We also met Cadbury, the lone male in the herd who, while retired from his stud duties and looking a bit worse for wear, still enjoys a good deal of female attention.
Then it was off for a quick walk through the milking barn and a visit to the cheese making room where we were able to enjoy the high fashion of Harley Farms.
Finally it was time for dinner. We mounted the stairs to the loft where we found the table set for our party of 20 or so. After uncorking the wines we had brought with us, we made our way to our seats.
We had not been seated for long when we were told that the goats were going to moved from the pasture into the barn for their evening milking and that we could go down to watch.
Here are two videos, the first showing the goats moving with haste on their way to the barn (all except Cadbury who seemed to have other things on his mind), and the second showing the milking in full swing.

Back in the loft we enjoyed the following four courses, all of which were excellent (even the beets which I generally just push around on my plate):

~ Fresh beets with goat cheese and puff pastry;
~ Goat ricotta-stuffed ravioli with braised chard;
~ Roast duck with potatoes and vegetables; and
~ Fresh ricotta with raspberries and honey.
Wine is not served with the meal so we had brought along a few bottles - a Chardonnay from Gundlach Bundschu in Sonoma, a Pinot Noir from Domaine Serene in Oregon, and a Il Blu from Brancaia in Tuscany.
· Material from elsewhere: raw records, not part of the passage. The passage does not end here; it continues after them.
(* Decomposing the step gives t = lθ' with
   μx ⇒ θ'x for every variable x; hence t →ε rθ' and u = rμ ⇒ rθ', the
   redexes of the latter being copies of redexes of the former. *)
Lemma orthogonal_disjoint_case (R : @rule F V -> Prop) (lr : @rule F V)
  (P : pos -> Prop) (rho : pos -> @rule F V) (s t u : tm) (mu : subst) :
  TRS R -> NoDup (vars (lhs lr)) ->
  (forall x, In x (vars (rhs lr)) -> In x (vars (lhs lr))) ->
  par_rel P (rule_redex R rho) s t ->
  s = app_subst mu (lhs lr) -> u = app_subst mu (rhs lr) ->
  (forall p, P p -> ~ posF (lhs lr) p) ->
  exists (v : tm) (P' : pos -> Prop),
    (t = v \/ root_step lr t v) /\ par_step R P' u v /\
    (forall x, vars_at v P' x -> vars_at s P x).
Proof.
  intros HR Hll Hrl Hpar Hs Hu Hdisj.
  set (l := lhs lr) in *. set (r := rhs lr) in *.
  assert (Hnone : forall p, ~ overlap l P p) by (intros p [Hp HF]; eapply Hdisj; eauto).
  assert (Hres : forall p lp b, P p -> subterm l p = Some lp -> isfun lp ->
            rule_redex R rho p (app_subst mu lp) b -> b = app_subst mu l).
  { intros p lp b Hp Hsub [f [ts ->]]. exfalso. apply (Hdisj p Hp). exists f, ts. auto. }
  assert (Hfresh : forall p x, overlap l P p -> In x (vars l) -> ~ In x (vars l)).
  { intros p x Hp. exfalso. eapply Hnone; eauto. }
  rewrite Hs in Hpar.
  destruct (decompose l P (rule_redex R rho) mu t (fun _ => l) Hll Hpar Hres Hfresh)
    as [th' [_ [Ht [_ Hvar]]]].
  rewrite repl_none in Ht by auto.
  assert (Hpos : forall x, exists q, In x (vars l) -> subterm l q = Some (Var x)).
  { intros x. destruct (dec (In x (vars l))) as [Hx|Hx]; [|exists []; tauto].
    destruct (var_pos l x Hx) as [q Hq]. eauto. }
  apply choice in Hpos as [posx Hposx].
  assert (Hfree : forall x, In x (vars l) -> free l P x).
  { intros x Hx. split; auto. intros p lp Hp Hsub [f [ts ->]]. exfalso.
    apply (Hdisj p Hp). exists f, ts. auto. }
  exists (app_subst th' r),
    (fun p => exists q x r', p = q ++ r' /\ subterm r q = Some (Var x) /\ P (posx x ++ r')).
  split; [right; exists th'; auto|split].
  - apply par_rel_par_step. rewrite Hu.
    apply (par_rel_subst (redex R) (fun x r' => P (posx x ++ r'))). intros x Hx.
    assert (Hxl : In x (vars l)) by auto.
    eapply par_rel_mono; [|apply (Hvar x (posx x) (Hposx x Hxl) (Hfree x Hxl))].
    intros p a b _. apply rule_redex_redex.
  - intros x [p [t' [[q [y [r' [-> [Hq HPy]]]]] [Hsub Hx]]]].
    rewrite (subterm_subst_var th' r q y r' Hq) in Hsub.
    assert (Hyl : In y (vars l)) by (apply Hrl; eapply subterm_vars; eauto; simpl; auto).
    assert (Ht' : subterm t (posx y ++ r') = Some t').
    { rewrite Ht, (subterm_subst_var th' l (posx y) y r' (Hposx y Hyl)). auto. }
    destruct Hpar as [_ [Hredex _]]. destruct (Hredex _ HPy) as [a [b [Ha [Hb HQ]]]].
    rewrite Ht' in Hb. injection Hb as <-. rewrite <- Hs in Ha.
    exists (posx y ++ r'), a. split; auto. split; auto. eapply rule_redex_vars; eauto.
Qed.

Lemma orthogonal_root_case (R : @rule F V -> Prop) (lr : @rule F V)
  (P : pos -> Prop) (rho : pos -> @rule F V) (s t u : tm) (mu : subst) :
  (forall x, In x (vars (rhs lr)) -> In x (vars (lhs lr))) ->
  par_rel P (rule_redex R rho) s t ->
  s = app_subst mu (lhs lr) -> u = app_subst mu (rhs lr) ->
  P [] -> variant (rho []) lr -> t = u.
Proof.
  intros Hrl Hpar Hs Hu H0 [pi [pi' [_ [_ [Hl Hr]]]]].
  apply par_rel_root in Hpar as [_ [_ [m [Hsm Htm]]]]; auto.
  rewrite Hl, app_subst_comp in Hsm. rewrite Hr, app_subst_comp in Htm.
  rewrite Hs in Hsm. pose proof (match_unique _ _ _ Hsm) as Hag.
  rewrite Htm, Hu. symmetry. apply app_subst_ext. intros x Hx. apply Hag. auto.
Qed.

End OrthogonalPeaks.

Section CriticalPeak.
Context {F V : Type}.
Local Notation tm := (term F V).

Lemma overlap_problem (l : tm) (P0 : pos -> Prop) (rho0 : pos -> @rule F V) :
  (forall p, P0 p -> posF l p) ->
  exists E : list eqn,
    (forall sg, unif E sg <-> unifies P0 rho0 l sg) /\
    (forall z, In z (pvars E) -> exists p lp, P0 p /\ subterm l p = Some lp /\
                 (In z (vars (lhs (rho0 p))) \/ In z (vars lp))).
Proof.
  intros HF.
  assert (Hpart : forall p, exists lp, P0 p -> subterm l p = Some lp).
  { intros p. destruct (subterm l p) as [lp|] eqn:E; [exists lp; auto|].
    exists l. intros Hp. destruct (HF p Hp) as [f [ts Hf]]. congruence. }
  apply choice in Hpart as [lpart Hlpart].
  exists (map (fun p => (lhs (rho0 p), lpart p))
            (filter (fun p => if dec (P0 p) then true else false) (allpos l))).
  assert (HinE : forall e, In e (map (fun p => (lhs (rho0 p), lpart p))
            (filter (fun p => if dec (P0 p) then true else false) (allpos l))) <->
            exists p, P0 p /\ e = (lhs (rho0 p), lpart p)).
  { intros e. rewrite in_map_iff. split.
    - intros [p [<- Hp]]. apply filter_In in Hp as [_ Hp].
      destruct (dec (P0 p)); [|discriminate]. eauto.
    - intros [p [Hp ->]]. exists p. split; auto. apply filter_In. split.
      + apply allpos_complete. rewrite Hlpart by auto. discriminate.
      + destruct (dec (P0 p)); tauto. }
  split.
  - intros sg. split.
    + intros H p Hp. exists (lpart p). split; auto.
      apply (H (lhs (rho0 p), lpart p)). apply HinE. eauto.
    + intros H e He. apply HinE in He as [p [Hp ->]]. destruct (H p Hp) as [lp [Hlp Heq]].
      rewrite Hlpart in Hlp by auto. injection Hlp as <-. auto.
  - intros z Hz. unfold pvars in Hz. apply in_flat_map in Hz as [e [He Hz]].
    apply HinE in He as [p [Hp ->]]. exists p, (lpart p). split; auto. split; auto.
    apply in_app_or in Hz. auto.
Qed.

(* Rules at the overlap positions can be renamed apart from ℓ → r and from
   each other (V is infinite and there are finitely many such positions). *)
Lemma rename_overlap_apart (V_infinite : forall l : list V, exists x, ~ In x l)
  (lr : @rule F V) (P0 : pos -> Prop) (rho : pos -> @rule F V) :
  (forall p, P0 p -> posF (lhs lr) p) ->
  exists pi : pos -> V -> V,
    (forall p y, pi p (pi p y) = y) /\
    (forall p x, P0 p -> rule_vars (rho p) x -> ~ rule_vars lr (pi p x)) /\
    (forall p q x y, P0 p -> P0 q -> p <> q -> rule_vars (rho p) x -> rule_vars (rho q) y ->
       pi p x <> pi q y).
Proof.
  intros HF.
  assert (Hall : forall p, P0 p -> In p (allpos (lhs lr))).
  { intros p Hp. destruct (HF p Hp) as [f [ts Hf]]. apply allpos_complete. congruence. }
  assert (Hrv : forall (rl : @rule F V) x,
            rule_vars rl x <-> In x (vars (lhs rl) ++ vars (rhs rl))).
  { intros rl x. rewrite in_app_iff. reflexivity. }
  destruct (rename_apart V_infinite (allpos (lhs lr))
              (fun p => vars (lhs (rho p)) ++ vars (rhs (rho p))) (vars (lhs lr) ++ vars (rhs lr)))
    as [pi [Hinv [Havoid Hdis]]].
  exists pi. split; [exact Hinv|split].
  - intros p x Hp Hx Hlr. apply Hrv in Hx, Hlr. exact (Havoid p x (Hall p Hp) Hx Hlr).
  - intros p q x y Hp Hq Hne Hx Hy. apply Hrv in Hx, Hy. auto.
Qed.

Lemma extend_outside (s0 de th th' : @subst F V) (D : list V) (Fr : V -> Prop) :
  (forall y, ~ In y D -> s0 y = Var y) ->
  (forall y z, In y D -> In z (vars (s0 y)) -> In z D) ->
  (forall z, Fr z -> ~ In z D) ->
  (forall z, th z = app_subst de (s0 z)) -> (forall z, ~ Fr z -> th' z = th z) ->
  exists tau : @subst F V, (forall z, app_subst tau (s0 z) = th' z) /\
    (forall z, Fr z -> tau z = th' z) /\ (forall z, ~ Fr z -> tau z = de z).
Proof.
  intros Hid Hclosed HFr Hde Hth'.
  exists (fun z => if dec (Fr z) then th' z else de z).
  split; [|split]; intros z; destruct (dec (Fr z)) as [Hf|Hf]; try tauto.
  - rewrite Hid by auto. simpl. destruct (dec (Fr z)); tauto.
  - rewrite Hth', Hde by auto. apply app_subst_ext. intros w Hw.
    destruct (dec (Fr w)) as [Hfw|]; auto. exfalso. apply (HFr w Hfw).
    destruct (in_dec eqv z D) as [Hz|Hz]; [eapply Hclosed; eauto|].
    rewrite Hid in Hw by auto. destruct Hw as [<-|[]]. contradiction.
Qed.

Variables (R : @rule F V -> Prop) (lr : @rule F V) (P : pos -> Prop)
  (rho : pos -> @rule F V) (s t : tm) (mu : @subst F V).
Hypothesis HR : TRS R.
Hypothesis Hll : NoDup (vars (lhs lr)).
Hypothesis Hpar : par_rel P (rule_redex R rho) s t.
Hypothesis Hs : s = app_subst mu (lhs lr).

Variable pi : pos -> V -> V.
Hypothesis pi_invol : forall p y, pi p (pi p y) = y.
Hypothesis pi_apart :
  forall p x, overlap (lhs lr) P p -> rule_vars (rho p) x -> ~ rule_vars lr (pi p x).
Hypothesis pi_disjoint : forall p q x y, overlap (lhs lr) P p -> overlap (lhs lr) P q ->
  p <> q -> rule_vars (rho p) x -> rule_vars (rho q) y -> pi p x <> pi q y.

Variable MU : pos -> @subst F V.
Hypothesis MU_match : forall p, P p ->
  subterm s p = Some (app_subst (MU p) (lhs (rho p))) /\
  subterm t p = Some (app_subst (MU p) (rhs (rho p))).

Local Notation l := (lhs lr).
Local Notation P0 := (overlap (lhs lr) P).

Definition rho0 (p : pos) : @rule F V := ren (pi p) (rho p).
Dee Harley (in the orange scarf in the below photos), the Farm's owner, was present for the entire evening to describe the courses and to lend a hand to dish up the meal.
Fortunately after our large dinner we did not have far to travel to get back to the Inn. The next morning, after a walk we had a very nice breakfast at the Inn, then we followed the signs back to Harley Farms our way home to pick up a bit more cheese.
The only minor disappointment of the trip was that we had forgotten to bring with us on Saturday some lemon cupcakes from Teeny Cake that we recently discovered at the Sausalito Farmers Market and really like. As the company’s name suggests, their products are miniature cupcakes which, while small, have great flavor.
Nancy had picked up four on Saturday morning and we were planning to enjoy them as a mini-snack on the drive down to Pescadero. On the plus side, Nancy and I had two each when we got home. Sorry Alex and Cass!

Harley Farms is a wonderful place to visit, whether you go for one of their formal tours or one of the dinners, or just stop by to pick up some cheese and look at the goats. I anticipate being back there often in the future.